:: Problem to solve ::
Take the lines below between the one holding "let k := (p ^ s * n)%N in" and the one holding "p n s p1 hn.", inclusive, and copy them exactly. Add nothing.
Provided material: Begin
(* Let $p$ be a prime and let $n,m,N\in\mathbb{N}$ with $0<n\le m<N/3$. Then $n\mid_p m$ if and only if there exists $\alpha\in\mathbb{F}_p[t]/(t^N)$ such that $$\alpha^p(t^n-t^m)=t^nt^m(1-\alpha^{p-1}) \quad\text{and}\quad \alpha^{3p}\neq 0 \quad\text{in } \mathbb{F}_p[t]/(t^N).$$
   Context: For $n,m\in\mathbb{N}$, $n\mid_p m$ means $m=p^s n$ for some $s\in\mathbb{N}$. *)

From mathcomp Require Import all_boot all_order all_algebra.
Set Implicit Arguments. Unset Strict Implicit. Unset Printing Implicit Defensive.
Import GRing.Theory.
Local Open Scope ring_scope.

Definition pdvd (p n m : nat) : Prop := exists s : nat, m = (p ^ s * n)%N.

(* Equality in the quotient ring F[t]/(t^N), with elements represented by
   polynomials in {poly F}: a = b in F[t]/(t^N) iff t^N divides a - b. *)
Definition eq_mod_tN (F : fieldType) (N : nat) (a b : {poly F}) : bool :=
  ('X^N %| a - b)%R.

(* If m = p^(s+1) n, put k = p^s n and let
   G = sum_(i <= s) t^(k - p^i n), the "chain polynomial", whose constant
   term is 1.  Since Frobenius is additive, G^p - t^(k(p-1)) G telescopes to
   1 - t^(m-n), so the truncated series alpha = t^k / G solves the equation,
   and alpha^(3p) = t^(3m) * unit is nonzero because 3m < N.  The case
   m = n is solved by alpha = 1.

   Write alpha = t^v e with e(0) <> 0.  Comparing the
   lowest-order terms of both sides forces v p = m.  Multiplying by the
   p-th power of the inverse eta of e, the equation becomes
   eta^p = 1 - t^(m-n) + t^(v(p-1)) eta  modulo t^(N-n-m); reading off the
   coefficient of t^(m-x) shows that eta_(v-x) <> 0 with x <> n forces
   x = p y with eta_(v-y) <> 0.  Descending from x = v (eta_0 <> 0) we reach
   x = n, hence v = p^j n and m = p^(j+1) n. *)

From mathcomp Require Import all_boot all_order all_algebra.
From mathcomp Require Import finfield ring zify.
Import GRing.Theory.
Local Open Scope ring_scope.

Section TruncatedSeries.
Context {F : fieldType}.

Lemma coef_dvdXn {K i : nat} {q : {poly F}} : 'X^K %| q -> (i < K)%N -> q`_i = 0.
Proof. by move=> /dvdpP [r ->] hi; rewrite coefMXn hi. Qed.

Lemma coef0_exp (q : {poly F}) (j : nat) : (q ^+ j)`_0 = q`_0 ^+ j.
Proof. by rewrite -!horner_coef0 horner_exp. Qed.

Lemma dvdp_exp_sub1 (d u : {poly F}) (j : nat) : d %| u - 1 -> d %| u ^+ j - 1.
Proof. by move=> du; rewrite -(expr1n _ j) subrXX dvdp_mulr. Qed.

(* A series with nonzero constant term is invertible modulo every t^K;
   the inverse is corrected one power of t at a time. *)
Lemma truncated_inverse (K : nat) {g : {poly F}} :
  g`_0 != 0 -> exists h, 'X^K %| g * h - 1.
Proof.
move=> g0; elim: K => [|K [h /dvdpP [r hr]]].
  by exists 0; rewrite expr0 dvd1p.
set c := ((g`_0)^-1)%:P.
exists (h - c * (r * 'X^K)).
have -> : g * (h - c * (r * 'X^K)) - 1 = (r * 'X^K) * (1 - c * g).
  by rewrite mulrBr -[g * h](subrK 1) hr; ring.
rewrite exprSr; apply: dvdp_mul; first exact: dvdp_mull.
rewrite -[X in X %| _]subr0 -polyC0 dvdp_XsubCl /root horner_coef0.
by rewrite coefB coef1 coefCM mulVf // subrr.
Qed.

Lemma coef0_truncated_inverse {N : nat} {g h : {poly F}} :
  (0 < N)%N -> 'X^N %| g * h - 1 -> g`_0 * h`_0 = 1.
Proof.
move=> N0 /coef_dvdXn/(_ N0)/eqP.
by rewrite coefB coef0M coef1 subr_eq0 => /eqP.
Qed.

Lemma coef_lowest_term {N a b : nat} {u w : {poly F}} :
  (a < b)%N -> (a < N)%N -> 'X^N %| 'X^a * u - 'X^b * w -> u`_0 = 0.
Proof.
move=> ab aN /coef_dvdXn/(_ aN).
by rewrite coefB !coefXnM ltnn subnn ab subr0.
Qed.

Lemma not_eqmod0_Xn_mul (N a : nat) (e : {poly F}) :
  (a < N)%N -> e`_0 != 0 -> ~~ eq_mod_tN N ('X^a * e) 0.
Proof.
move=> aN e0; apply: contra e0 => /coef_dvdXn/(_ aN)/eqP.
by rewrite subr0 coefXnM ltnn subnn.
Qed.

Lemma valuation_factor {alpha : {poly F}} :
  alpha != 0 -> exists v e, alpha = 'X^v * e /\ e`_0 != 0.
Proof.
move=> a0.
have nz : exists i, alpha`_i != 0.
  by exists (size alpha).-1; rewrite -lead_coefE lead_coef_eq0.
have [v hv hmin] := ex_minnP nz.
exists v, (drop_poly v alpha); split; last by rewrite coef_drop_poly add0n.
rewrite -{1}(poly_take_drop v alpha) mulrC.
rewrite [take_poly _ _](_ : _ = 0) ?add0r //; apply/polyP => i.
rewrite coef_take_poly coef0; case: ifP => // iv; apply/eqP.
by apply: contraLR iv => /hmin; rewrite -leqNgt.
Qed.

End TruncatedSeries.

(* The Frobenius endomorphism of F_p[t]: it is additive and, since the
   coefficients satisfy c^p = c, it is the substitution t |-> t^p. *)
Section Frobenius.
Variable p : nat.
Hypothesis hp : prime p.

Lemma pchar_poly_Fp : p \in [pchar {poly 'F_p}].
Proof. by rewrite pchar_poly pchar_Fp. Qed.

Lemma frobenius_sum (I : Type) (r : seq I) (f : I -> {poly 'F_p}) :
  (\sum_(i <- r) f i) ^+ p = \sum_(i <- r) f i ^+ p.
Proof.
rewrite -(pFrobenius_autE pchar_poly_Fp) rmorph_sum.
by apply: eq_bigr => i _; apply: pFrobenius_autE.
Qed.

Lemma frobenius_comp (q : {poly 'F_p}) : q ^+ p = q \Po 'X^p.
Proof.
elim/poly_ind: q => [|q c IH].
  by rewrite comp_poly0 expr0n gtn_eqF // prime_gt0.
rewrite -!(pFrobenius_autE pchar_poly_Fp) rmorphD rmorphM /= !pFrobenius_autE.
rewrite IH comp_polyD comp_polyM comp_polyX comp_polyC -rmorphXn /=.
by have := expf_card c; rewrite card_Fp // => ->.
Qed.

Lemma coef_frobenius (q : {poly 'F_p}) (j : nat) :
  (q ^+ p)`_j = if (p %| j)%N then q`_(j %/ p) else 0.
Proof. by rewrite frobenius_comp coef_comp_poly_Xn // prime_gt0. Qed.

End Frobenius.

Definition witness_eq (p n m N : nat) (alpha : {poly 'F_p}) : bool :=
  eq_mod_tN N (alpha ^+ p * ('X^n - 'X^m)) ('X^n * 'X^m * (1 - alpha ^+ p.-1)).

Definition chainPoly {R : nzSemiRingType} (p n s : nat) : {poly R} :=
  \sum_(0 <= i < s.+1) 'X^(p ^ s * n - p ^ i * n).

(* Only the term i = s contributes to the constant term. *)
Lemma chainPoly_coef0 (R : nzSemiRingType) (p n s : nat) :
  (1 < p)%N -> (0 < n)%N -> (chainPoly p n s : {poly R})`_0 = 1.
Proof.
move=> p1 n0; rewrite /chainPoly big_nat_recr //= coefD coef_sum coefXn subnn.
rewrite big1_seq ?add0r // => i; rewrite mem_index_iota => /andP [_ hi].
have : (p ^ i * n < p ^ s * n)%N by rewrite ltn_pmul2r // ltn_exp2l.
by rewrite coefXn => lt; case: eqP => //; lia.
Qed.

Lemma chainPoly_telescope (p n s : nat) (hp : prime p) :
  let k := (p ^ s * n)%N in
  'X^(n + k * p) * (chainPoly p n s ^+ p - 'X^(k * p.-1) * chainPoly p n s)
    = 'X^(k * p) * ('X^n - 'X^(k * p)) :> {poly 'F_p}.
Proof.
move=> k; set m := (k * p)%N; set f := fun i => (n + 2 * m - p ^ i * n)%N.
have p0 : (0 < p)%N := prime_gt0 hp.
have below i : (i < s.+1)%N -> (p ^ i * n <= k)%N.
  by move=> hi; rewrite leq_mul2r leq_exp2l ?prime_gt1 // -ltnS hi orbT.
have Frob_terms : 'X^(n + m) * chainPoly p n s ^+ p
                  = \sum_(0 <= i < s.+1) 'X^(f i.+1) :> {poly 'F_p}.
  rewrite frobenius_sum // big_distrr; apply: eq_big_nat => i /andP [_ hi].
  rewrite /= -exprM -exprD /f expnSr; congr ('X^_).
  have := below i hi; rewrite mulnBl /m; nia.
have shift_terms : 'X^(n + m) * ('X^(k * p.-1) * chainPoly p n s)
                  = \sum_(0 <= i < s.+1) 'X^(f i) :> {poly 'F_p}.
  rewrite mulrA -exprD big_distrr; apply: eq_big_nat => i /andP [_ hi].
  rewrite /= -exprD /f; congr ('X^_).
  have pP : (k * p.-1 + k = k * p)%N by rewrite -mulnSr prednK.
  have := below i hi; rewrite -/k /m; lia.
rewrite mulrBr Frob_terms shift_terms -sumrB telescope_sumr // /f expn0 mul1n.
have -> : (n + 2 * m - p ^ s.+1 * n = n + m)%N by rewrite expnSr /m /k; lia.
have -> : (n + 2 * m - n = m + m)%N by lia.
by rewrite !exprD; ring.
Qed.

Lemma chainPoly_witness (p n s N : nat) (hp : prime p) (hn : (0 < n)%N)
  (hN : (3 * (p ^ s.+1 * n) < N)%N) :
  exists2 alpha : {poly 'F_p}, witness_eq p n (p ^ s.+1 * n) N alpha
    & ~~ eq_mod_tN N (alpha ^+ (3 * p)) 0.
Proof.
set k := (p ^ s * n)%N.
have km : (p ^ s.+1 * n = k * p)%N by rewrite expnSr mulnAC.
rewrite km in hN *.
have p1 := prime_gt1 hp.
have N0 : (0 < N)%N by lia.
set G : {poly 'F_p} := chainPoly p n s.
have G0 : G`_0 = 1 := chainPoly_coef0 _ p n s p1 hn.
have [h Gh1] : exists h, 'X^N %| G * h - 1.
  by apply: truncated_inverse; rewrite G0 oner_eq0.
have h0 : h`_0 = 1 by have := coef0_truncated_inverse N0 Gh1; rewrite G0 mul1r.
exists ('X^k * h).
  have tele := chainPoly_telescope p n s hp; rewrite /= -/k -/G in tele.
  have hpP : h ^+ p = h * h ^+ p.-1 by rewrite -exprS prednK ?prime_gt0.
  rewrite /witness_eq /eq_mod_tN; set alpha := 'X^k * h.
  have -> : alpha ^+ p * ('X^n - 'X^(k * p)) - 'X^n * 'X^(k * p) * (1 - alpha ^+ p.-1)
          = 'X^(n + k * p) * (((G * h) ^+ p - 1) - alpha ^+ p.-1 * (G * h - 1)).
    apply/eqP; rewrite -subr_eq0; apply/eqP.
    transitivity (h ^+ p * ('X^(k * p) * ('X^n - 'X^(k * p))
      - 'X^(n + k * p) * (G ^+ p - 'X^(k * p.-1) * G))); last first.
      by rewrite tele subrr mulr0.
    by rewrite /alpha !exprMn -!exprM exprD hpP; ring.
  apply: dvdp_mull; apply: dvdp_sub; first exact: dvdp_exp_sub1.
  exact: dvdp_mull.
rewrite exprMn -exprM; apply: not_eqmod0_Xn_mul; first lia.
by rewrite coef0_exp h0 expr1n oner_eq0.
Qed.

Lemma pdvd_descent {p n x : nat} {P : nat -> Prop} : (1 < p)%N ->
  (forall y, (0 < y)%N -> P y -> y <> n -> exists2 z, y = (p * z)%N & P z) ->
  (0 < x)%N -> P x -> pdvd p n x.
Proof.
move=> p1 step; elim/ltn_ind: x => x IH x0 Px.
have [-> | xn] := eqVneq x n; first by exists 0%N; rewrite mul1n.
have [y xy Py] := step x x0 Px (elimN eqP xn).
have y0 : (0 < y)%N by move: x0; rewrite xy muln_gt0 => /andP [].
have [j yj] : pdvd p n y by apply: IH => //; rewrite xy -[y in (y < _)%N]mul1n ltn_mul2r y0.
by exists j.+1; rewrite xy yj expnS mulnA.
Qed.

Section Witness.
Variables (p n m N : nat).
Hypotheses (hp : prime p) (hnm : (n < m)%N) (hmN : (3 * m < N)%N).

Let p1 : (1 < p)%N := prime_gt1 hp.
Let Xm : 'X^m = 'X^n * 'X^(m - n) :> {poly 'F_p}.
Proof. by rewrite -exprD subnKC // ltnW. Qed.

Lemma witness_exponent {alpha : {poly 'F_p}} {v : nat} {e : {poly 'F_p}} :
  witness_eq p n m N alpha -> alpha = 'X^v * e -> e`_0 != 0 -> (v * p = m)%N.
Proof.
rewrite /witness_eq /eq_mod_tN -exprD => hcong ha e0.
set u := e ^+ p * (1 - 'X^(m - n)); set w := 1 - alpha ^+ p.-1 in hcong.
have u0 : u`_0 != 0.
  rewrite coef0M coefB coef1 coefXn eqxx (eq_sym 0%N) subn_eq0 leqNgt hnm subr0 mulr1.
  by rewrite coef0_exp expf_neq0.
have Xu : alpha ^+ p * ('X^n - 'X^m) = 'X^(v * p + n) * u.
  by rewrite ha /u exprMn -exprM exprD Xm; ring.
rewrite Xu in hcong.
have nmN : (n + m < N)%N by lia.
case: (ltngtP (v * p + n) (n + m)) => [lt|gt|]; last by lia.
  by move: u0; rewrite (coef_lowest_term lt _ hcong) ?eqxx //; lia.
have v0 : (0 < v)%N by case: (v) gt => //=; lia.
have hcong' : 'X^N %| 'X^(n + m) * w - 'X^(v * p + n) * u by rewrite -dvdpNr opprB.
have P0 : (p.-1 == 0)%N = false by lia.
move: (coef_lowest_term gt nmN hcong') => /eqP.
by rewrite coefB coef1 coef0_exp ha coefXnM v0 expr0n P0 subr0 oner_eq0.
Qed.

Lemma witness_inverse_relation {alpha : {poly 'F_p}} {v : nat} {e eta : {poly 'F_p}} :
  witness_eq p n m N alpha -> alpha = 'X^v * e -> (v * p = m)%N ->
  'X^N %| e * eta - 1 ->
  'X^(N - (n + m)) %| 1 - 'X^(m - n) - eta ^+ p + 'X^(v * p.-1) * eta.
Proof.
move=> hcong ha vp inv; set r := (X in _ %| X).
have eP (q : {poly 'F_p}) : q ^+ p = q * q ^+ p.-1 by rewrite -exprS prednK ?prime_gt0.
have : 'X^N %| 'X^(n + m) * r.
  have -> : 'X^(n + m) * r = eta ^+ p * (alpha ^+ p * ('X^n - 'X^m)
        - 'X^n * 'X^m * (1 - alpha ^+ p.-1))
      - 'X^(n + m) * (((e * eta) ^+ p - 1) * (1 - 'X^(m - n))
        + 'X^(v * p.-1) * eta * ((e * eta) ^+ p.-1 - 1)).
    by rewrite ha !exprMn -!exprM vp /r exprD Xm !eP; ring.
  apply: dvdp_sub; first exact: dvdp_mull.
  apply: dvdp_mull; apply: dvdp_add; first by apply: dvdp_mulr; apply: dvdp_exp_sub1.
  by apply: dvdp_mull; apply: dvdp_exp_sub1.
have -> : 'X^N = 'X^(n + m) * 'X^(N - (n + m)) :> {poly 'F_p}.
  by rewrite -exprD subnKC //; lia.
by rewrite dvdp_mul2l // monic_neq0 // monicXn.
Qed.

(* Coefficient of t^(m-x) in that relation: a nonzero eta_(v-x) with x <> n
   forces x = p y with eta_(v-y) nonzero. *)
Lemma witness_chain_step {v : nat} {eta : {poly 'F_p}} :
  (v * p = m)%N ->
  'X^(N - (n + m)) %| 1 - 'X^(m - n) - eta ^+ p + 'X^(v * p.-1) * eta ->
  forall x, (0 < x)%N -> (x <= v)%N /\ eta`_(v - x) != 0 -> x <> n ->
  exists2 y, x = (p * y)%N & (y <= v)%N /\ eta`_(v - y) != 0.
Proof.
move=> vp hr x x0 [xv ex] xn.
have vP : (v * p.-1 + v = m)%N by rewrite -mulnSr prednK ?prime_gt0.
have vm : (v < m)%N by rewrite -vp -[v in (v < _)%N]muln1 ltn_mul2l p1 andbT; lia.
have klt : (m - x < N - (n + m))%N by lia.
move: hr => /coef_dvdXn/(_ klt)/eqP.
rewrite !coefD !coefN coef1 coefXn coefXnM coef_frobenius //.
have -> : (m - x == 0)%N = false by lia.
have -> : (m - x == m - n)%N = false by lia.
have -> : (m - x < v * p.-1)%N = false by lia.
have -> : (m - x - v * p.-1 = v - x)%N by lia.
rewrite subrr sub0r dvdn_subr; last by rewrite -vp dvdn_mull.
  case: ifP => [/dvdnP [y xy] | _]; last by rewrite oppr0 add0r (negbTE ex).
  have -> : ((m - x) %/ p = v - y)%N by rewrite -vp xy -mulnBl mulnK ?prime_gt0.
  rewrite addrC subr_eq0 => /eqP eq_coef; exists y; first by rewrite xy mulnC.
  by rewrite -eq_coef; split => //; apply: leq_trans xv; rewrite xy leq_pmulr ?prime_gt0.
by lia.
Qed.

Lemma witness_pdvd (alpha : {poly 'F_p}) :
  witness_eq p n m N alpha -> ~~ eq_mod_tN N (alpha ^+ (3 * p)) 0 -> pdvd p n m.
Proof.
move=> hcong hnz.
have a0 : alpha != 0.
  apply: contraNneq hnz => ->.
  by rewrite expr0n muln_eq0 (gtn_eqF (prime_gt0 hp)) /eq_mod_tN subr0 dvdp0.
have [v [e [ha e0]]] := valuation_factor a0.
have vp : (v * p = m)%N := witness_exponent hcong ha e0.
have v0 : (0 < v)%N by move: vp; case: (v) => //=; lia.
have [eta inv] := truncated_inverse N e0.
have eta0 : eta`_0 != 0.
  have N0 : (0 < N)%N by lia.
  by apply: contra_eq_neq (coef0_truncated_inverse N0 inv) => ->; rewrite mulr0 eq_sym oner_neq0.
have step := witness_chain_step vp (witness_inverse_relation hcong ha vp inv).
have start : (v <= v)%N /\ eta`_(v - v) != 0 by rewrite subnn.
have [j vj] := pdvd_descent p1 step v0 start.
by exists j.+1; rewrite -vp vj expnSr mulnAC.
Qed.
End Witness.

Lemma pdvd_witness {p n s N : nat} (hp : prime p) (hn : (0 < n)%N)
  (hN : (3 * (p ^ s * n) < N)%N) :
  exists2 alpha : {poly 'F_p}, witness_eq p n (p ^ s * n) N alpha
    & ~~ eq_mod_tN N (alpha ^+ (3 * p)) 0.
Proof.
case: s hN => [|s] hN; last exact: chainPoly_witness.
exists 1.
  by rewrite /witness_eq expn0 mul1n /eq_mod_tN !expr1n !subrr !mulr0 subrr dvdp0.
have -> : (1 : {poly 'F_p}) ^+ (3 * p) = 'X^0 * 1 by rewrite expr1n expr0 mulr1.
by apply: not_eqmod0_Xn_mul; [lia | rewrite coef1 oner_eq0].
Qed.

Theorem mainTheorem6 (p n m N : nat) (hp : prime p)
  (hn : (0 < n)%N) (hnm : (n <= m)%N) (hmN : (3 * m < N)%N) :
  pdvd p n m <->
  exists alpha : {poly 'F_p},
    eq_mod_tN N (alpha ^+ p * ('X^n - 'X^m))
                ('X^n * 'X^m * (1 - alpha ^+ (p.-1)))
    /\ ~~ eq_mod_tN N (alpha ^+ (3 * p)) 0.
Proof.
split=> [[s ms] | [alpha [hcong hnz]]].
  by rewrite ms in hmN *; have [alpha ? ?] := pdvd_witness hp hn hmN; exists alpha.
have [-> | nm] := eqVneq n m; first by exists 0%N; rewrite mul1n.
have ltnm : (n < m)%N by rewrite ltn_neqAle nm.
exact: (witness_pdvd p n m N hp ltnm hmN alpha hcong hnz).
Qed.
Provided material: End
:: Response area ::
  let k := (p ^ s * n)%N in
  'X^(n + k * p) * (chainPoly p n s ^+ p - 'X^(k * p.-1) * chainPoly p n s)
    = 'X^(k * p) * ('X^n - 'X^(k * p)) :> {poly 'F_p}.
Proof.
move=> k; set m := (k * p)%N; set f := fun i => (n + 2 * m - p ^ i * n)%N.
have p0 : (0 < p)%N := prime_gt0 hp.
have below i : (i < s.+1)%N -> (p ^ i * n <= k)%N.
  by move=> hi; rewrite leq_mul2r leq_exp2l ?prime_gt1 // -ltnS hi orbT.
have Frob_terms : 'X^(n + m) * chainPoly p n s ^+ p
                  = \sum_(0 <= i < s.+1) 'X^(f i.+1) :> {poly 'F_p}.
  rewrite frobenius_sum // big_distrr; apply: eq_big_nat => i /andP [_ hi].
  rewrite /= -exprM -exprD /f expnSr; congr ('X^_).
  have := below i hi; rewrite mulnBl /m; nia.
have shift_terms : 'X^(n + m) * ('X^(k * p.-1) * chainPoly p n s)
                  = \sum_(0 <= i < s.+1) 'X^(f i) :> {poly 'F_p}.
  rewrite mulrA -exprD big_distrr; apply: eq_big_nat => i /andP [_ hi].
  rewrite /= -exprD /f; congr ('X^_).
  have pP : (k * p.-1 + k = k * p)%N by rewrite -mulnSr prednK.
  have := below i hi; rewrite -/k /m; lia.
rewrite mulrBr Frob_terms shift_terms -sumrB telescope_sumr // /f expn0 mul1n.
have -> : (n + 2 * m - p ^ s.+1 * n = n + m)%N by rewrite expnSr /m /k; lia.
have -> : (n + 2 * m - n = m + m)%N by lia.
by rewrite !exprD; ring.
Qed.

Lemma chainPoly_witness (p n s N : nat) (hp : prime p) (hn : (0 < n)%N)
  (hN : (3 * (p ^ s.+1 * n) < N)%N) :
  exists2 alpha : {poly 'F_p}, witness_eq p n (p ^ s.+1 * n) N alpha
    & ~~ eq_mod_tN N (alpha ^+ (3 * p)) 0.
Proof.
set k := (p ^ s * n)%N.
have km : (p ^ s.+1 * n = k * p)%N by rewrite expnSr mulnAC.
rewrite km in hN *.
have p1 := prime_gt1 hp.
have N0 : (0 < N)%N by lia.
set G : {poly 'F_p} := chainPoly p n s.
have G0 : G`_0 = 1 := chainPoly_coef0 _ p n s p1 hn.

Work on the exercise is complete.